Martin Wright, the editor in chief of the Midlands News Association, explains the different use-cases. “We had some figures from RADAR that a quarter of all calls to the NHS (the National Health Service) helpline end with people going to accident emergency services, which is a big issue for us in Shropshire,” he says. “We then used that. . . to do a page inside the publication looking at. . . the wider issue of why the NHS is under such pressure.”

While the raw RADAR copy includes some national context, it’s often helpful to get sources who can offer a local reaction and make the story more relevant to the community. That’s also a chance to context-check the data against what people are saying on the ground in that locality. Of course this means there needs to be a local reporter ready to jump on the story and do some more work on it. But that extra work helps make the treatment of the story, and its copy, more unique and original—a competitive differentiator.
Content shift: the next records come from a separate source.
Lemma Phi_le_exp t : 0 <= t < T ->
  Phi t <= exp (4 * rate_const c D1 D2 K sigma / m * t)
           * (Phi 0 + eps ^ 4 * ((D1 / (4 * sigma) + 1 / sigma ^ 3) * K ^ 2)).
Proof.
  intros Ht. set (B0 := 4 * rate_const c D1 D2 K sigma / m).
  assert (HB0 : 0 <= B0).
  { apply Rdiv_nonneg_pos; [| lra].
    pose proof (rate_const_nonneg c D1 D2 K sigma Hc HD1 HD2 K_nonneg Hsig). lra. }
  set (C0 := eps ^ 4 * ((D1 / (4 * sigma) + 1 / sigma ^ 3) * K ^ 2)).
  set (psi := fun s => Phi s * exp (- B0 * s)).
  assert (Hexp_cont : forall s, continuity_pt (fun r => exp (- B0 * r)) s).
  { intros s. apply (continuity_pt_comp (fun r => - B0 * r) exp).
    - apply (continuity_pt_mult (fun _ => - B0) (fun r => r));
        [apply continuity_pt_const_fun | apply derivable_continuous_pt, derivable_pt_id].
    - apply derivable_continuous_pt, derivable_pt_exp. }
  (* The integrating factor [exp (- B0 s)] absorbs the [B0 Phi] term of the derivative bound. *)
  assert (Hpsi : psi t <= psi 0 + C0).
  { apply (increment_le_of_derivative_le T psi (fun N r => Zfinsum N (source r))); try assumption.
    - intros N s Hs. exact (continuous_on_0T_integrable _ _ s (source_truncation_continuous N) Hs).
    - unfold psi. apply within_cont_mult_continuous; [unpack; exact HPhi0 | apply Hexp_cont].
    - intros s Hs d Hd.
      destruct (Phi_derivative_le s d Hs Hd) as [N [l [HPhi' HN]]]. fold B0 in HN.
      exists N, ((l - B0 * Phi s) * exp (- B0 * s)). split.
      + unfold psi. derive; [exact HPhi' | |].
        * apply (derivable_pt_lim_comp (fun r => - B0 * r) exp);
            [derive; reflexivity | apply derivable_pt_lim_exp].
        * simpl. ring.
      + assert (exp (- B0 * s) <= 1) by (rewrite <- exp_0; apply exp_le_mono; nra).
        pose proof (exp_pos (- B0 * s)).
        assert (0 <= Zfinsum N (source s)) by (apply Zfinsum_nonneg; intros; apply source_nonneg).
        apply Rle_trans with ((Zfinsum N (source s) + d) * exp (- B0 * s)); [apply Rmult_le_compat_r; lra | nra].
    - intros N s Hs. apply Zfinsum_nonneg. intros; apply source_nonneg.
    - intros N s Hs. apply Zfinsum_le_S. intros; apply source_nonneg.
    - intros N s Hs. exact (continuous_on_0T_interior _ _ s (source_truncation_continuous N) Hs).
    - intros N s Hs. apply source_truncation_integral_le; exact Hs. }
  unfold psi in Hpsi. rewrite Rmult_0_r, exp_0, Rmult_1_r in Hpsi.
  replace (Phi t) with (Phi t * exp (- B0 * t) * exp (B0 * t))
    by (rewrite Rmult_assoc, <- exp_plus; replace (- B0 * t + B0 * t) with 0 by ring; rewrite exp_0; ring).
  rewrite Rmult_comm. apply Rmult_le_compat_l; [apply Rlt_le, exp_pos | exact Hpsi].
Qed.

End Estimate.

Lemma relative_entropy_estimate p dp d2p sigma c M K :
  pressure_law p dp d2p -> 0 < sigma -> 0 < c -> c < M ->
  exists B, 0 < B /\
    forall tstar T eps dx lam (tau u taub ub dtau du dtaub dub : Z -> R -> R) (Phi : R -> R),
      setting p dp tstar sigma c M K T eps dx lam tau u taub ub dtau du dtaub dub Phi ->
      forall t, 0 <= t < T -> 0 <= Phi t /\ Phi t <= B * exp (B * T) * (Phi 0 + eps ^ 4).
Proof.
  intros Hp Hsig Hc HcM.
  destruct (pressure_constants p dp d2p Hp c M Hc HcM) as (m & D1 & D2 & Hm0 & HD1 & HD2 & Hm & Hd1 & Hd2).
  set (B0 := 4 * rate_const c D1 D2 (Rabs K) sigma / m).
  set (CC := (D1 / (4 * sigma) + 1 / sigma ^ 3) * Rabs K ^ 2).
  assert (HB0 : 0 <= B0).
  { apply Rdiv_nonneg_pos; [| lra].
    pose proof (rate_const_nonneg c D1 D2 (Rabs K) sigma Hc HD1 HD2 (Rabs_pos K) Hsig). lra. }
  assert (HCC : 0 <= CC).
  { assert (0 < sigma ^ 3) by (apply pow_lt; lra).
    apply Rmult_le_pos; [| apply pow2_ge_0].
    apply Rplus_le_le_0_compat; apply Rdiv_nonneg_pos; lra. }
  exists (1 + B0 + CC). split; [lra |].
  intros tstar T eps dx lam tau u taub ub dtau du dtaub dub Phi HS t Ht.
  assert (HK : 0 <= K) by (eapply K_nonneg; exact HS).
  pose proof (Phi_nonneg p dp d2p sigma c M K m Hp Hc Hm0 Hm _ _ _ _ _ _ _ _ _ _ _ _ _ _ HS) as HPhi.
  pose proof (Phi_le_exp p dp d2p sigma c M K m D1 D2 Hp Hsig Hc HcM Hm0 Hm Hd1 Hd2
                _ _ _ _ _ _ _ _ _ _ _ _ _ _ HS t Ht) as Hle.
  rewrite <- (Rabs_pos_eq K HK) in Hle. fold B0 CC in Hle.
  split; [exact (HPhi t Ht) |].
  pose proof (HPhi 0 ltac:(lra)). assert (0 <= eps ^ 4) by (apply pow_le; destruct HS as (_ & _ & Heps & _); lra).
  eapply Rle_trans; [exact Hle |].
  apply Rle_trans with (exp ((1 + B0 + CC) * T) * ((1 + B0 + CC) * (Phi 0 + eps ^ 4))); [| right; ring].
  apply Rmult_le_compat; [apply Rlt_le, exp_pos | nra | apply exp_le_mono; nra | nra].
Qed.

Lemma sup_vanishes_of_estimate (B T : R) (Phif : R -> R -> R) : 0 < B ->
  (forall eps, 0 < eps -> forall t, 0 <= t < T ->
     0 <= Phif eps t /\ Phif eps t <= B * exp (B * T) * (Phif eps 0 + eps ^ 4)) ->
  (forall e, 0 < e -> exists d, 0 < d /\ forall eps, 0 < eps < d -> Rabs (Phif eps 0) < e) ->
  forall e, 0 < e -> exists d, 0 < d /\
    forall eps, 0 < eps < d -> forall t, 0 <= t < T -> Rabs (Phif eps t) <= e.
Proof.
  intros HB Hest H0 e He.
  set (A := B * exp (B * T)).
  assert (HA : 0 < A) by (apply Rmult_lt_0_compat; [exact HB | apply exp_pos]).
  set (e1 := e / (2 * A)).
  assert (He1 : 0 < e1) by (apply Rdiv_lt_0_compat; lra).
  destruct (H0 e1 He1) as [d1 [Hd1 Hsmall]].
  exists (Rmin d1 (Rmin 1 e1)). split; [repeat apply Rmin_case; lra |].
  intros eps Heps t Ht.
  pose proof (Rmin_l d1 (Rmin 1 e1)). pose proof (Rmin_r d1 (Rmin 1 e1)).
  pose proof (Rmin_l 1 e1). pose proof (Rmin_r 1 e1).
  destruct (Hest eps (proj1 Heps) t Ht) as [Hnn Hle].
  pose proof (Hsmall eps ltac:(lra)) as H0e. pose proof (Rle_abs (Phif eps 0)).
  assert (Hep4 : eps ^ 4 <= eps).
  { assert (eps ^ 3 <= 1) by (rewrite <- (pow1 3); apply pow_incr; lra). simpl in *. nra. }
  rewrite Rabs_right by lra.
  apply Rle_trans with (A * (e1 + e1)).
  - eapply Rle_trans; [exact Hle | apply Rmult_le_compat_l; lra].
  - unfold e1. right. field. lra.
Qed.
Tim Robinson at JPI Media, a news publishing chain also  receiving the stories, says the project has been of help to his newsrooms: “It enables us to cover subjects which we potentially wouldn’t be able to cover at all, or certainly in volume,” he tells CJR. JPI, however, publishes 95 percent of RADAR’s stories as provided, with only minor tweaks to the copy and with geographically resonant headlines added. Their online sites have already seen a boost in the number of page views since they’ve started mixing in the material from RADAR.

A key to the success of the RADAR process is that human journalists determine what angles, trends, or outliers are newsworthy in the data and structure the template for the various versions of the article. The automation then helps to locally adapt the writing, and if needed a local journalist can add to it to improve the local relevance.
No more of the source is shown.